== TASK REQUIREMENTS ==
Go through the data and copy each line that holds "have".

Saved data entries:
——

Lemma eigen_seq_last_le H ls j : H \is hermsymmx -> eigen_seq H ls ->
  ls`_n.-1 <= spectral_diag H 0 j.
Proof.
move=> hH eH; have := eigen_seq_spectrum hH eH; case: eH => size_ls _ sorted_ls.
have : spectral_diag H 0 j \in spectrum H by apply: map_f; rewrite mem_enum.
move=> /[swap] /perm_mem <- /(nthP 0) [m lt_m <-].
rewrite size_ls in lt_m; apply: (sorted_ge_nth 0 sorted_ls); rewrite ?size_ls; lia.
Qed.

Lemma cdotE (u v : 'cV[C]_n) : cdot u v = (v ^t* *m u) 0 0.
Proof. by rewrite /cdot map_trmx. Qed.

Lemma hermitian_eigen_orthogonal H (u v : 'cV[C]_n) a c :
  H \is hermsymmx -> c \is Num.real -> H *m u = a *: u -> H *m v = c *: v ->
  a != c -> cdot u v = 0.
Proof.
move=> hH c_real Hu Hv neq_ac.
have vH : v ^t* *m H = c *: v ^t*.
  rewrite -{1}(hermitian_adj hH) -map_mxM -trmx_mul Hv.
  by apply/matrixP => i j; rewrite !mxE rmorphM /= (conj_Creal c_real).
have vHu_a : (v ^t* *m H *m u) 0 0 = a * (v ^t* *m u) 0 0.
  by rewrite -mulmxA Hu -scalemxAr mxE.
have vHu_c : (v ^t* *m H *m u) 0 0 = c * (v ^t* *m u) 0 0.
  by rewrite vH -scalemxAl mxE.
apply/eqP; have : (a - c) * (v ^t* *m u) 0 0 == 0.
  by rewrite mulrBl -vHu_a -vHu_c subrr.
by rewrite cdotE mulf_eq0 subr_eq0 (negbTE neq_ac).
Qed.

End HermitianSpectrum.

Section QuadraticForm.
Variables (C : numClosedFieldType) (n : nat).
Implicit Types (H : 'M[C]_n) (x : 'cV[C]_n) (s : C).

(* The Hermitian form x^* (H - s) x; its sign detects whether H x = s x. *)
Definition qform H s x : C := (x ^t* *m (H - s%:M) *m x) 0 0.

(* The j-th coordinate of x in the orthonormal eigenbasis of H. *)
Definition eigcoord H x (j : 'I_n) : C := (spectralmx H *m x) j 0.

Lemma qformD (A B : 'M[C]_n) s t x :
  qform (A + B) (s + t) x = qform A s x + qform B t x.
Proof.
rewrite /qform; have -> : A + B - (s + t)%:M = (A - s%:M) + (B - t%:M).
  by rewrite raddfD /= addrACA opprD.
by rewrite mulmxDr mulmxDl mxE.
Qed.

——

== SOLUTION FOR THIS PROBLEM ==
move=> hH eH; have := eigen_seq_spectrum hH eH; case: eH => size_ls _ sorted_ls.
have : spectral_diag H 0 j \in spectrum H by apply: map_f; rewrite mem_enum.
have vH : v ^t* *m H = c *: v ^t*.
have vHu_a : (v ^t* *m H *m u) 0 0 = a * (v ^t* *m u) 0 0.
have vHu_c : (v ^t* *m H *m u) 0 0 = c * (v ^t* *m u) 0 0.
apply/eqP; have : (a - c) * (v ^t* *m u) 0 0 == 0.
rewrite /qform; have -> : A + B - (s + t)%:M = (A - s%:M) + (B - t%:M).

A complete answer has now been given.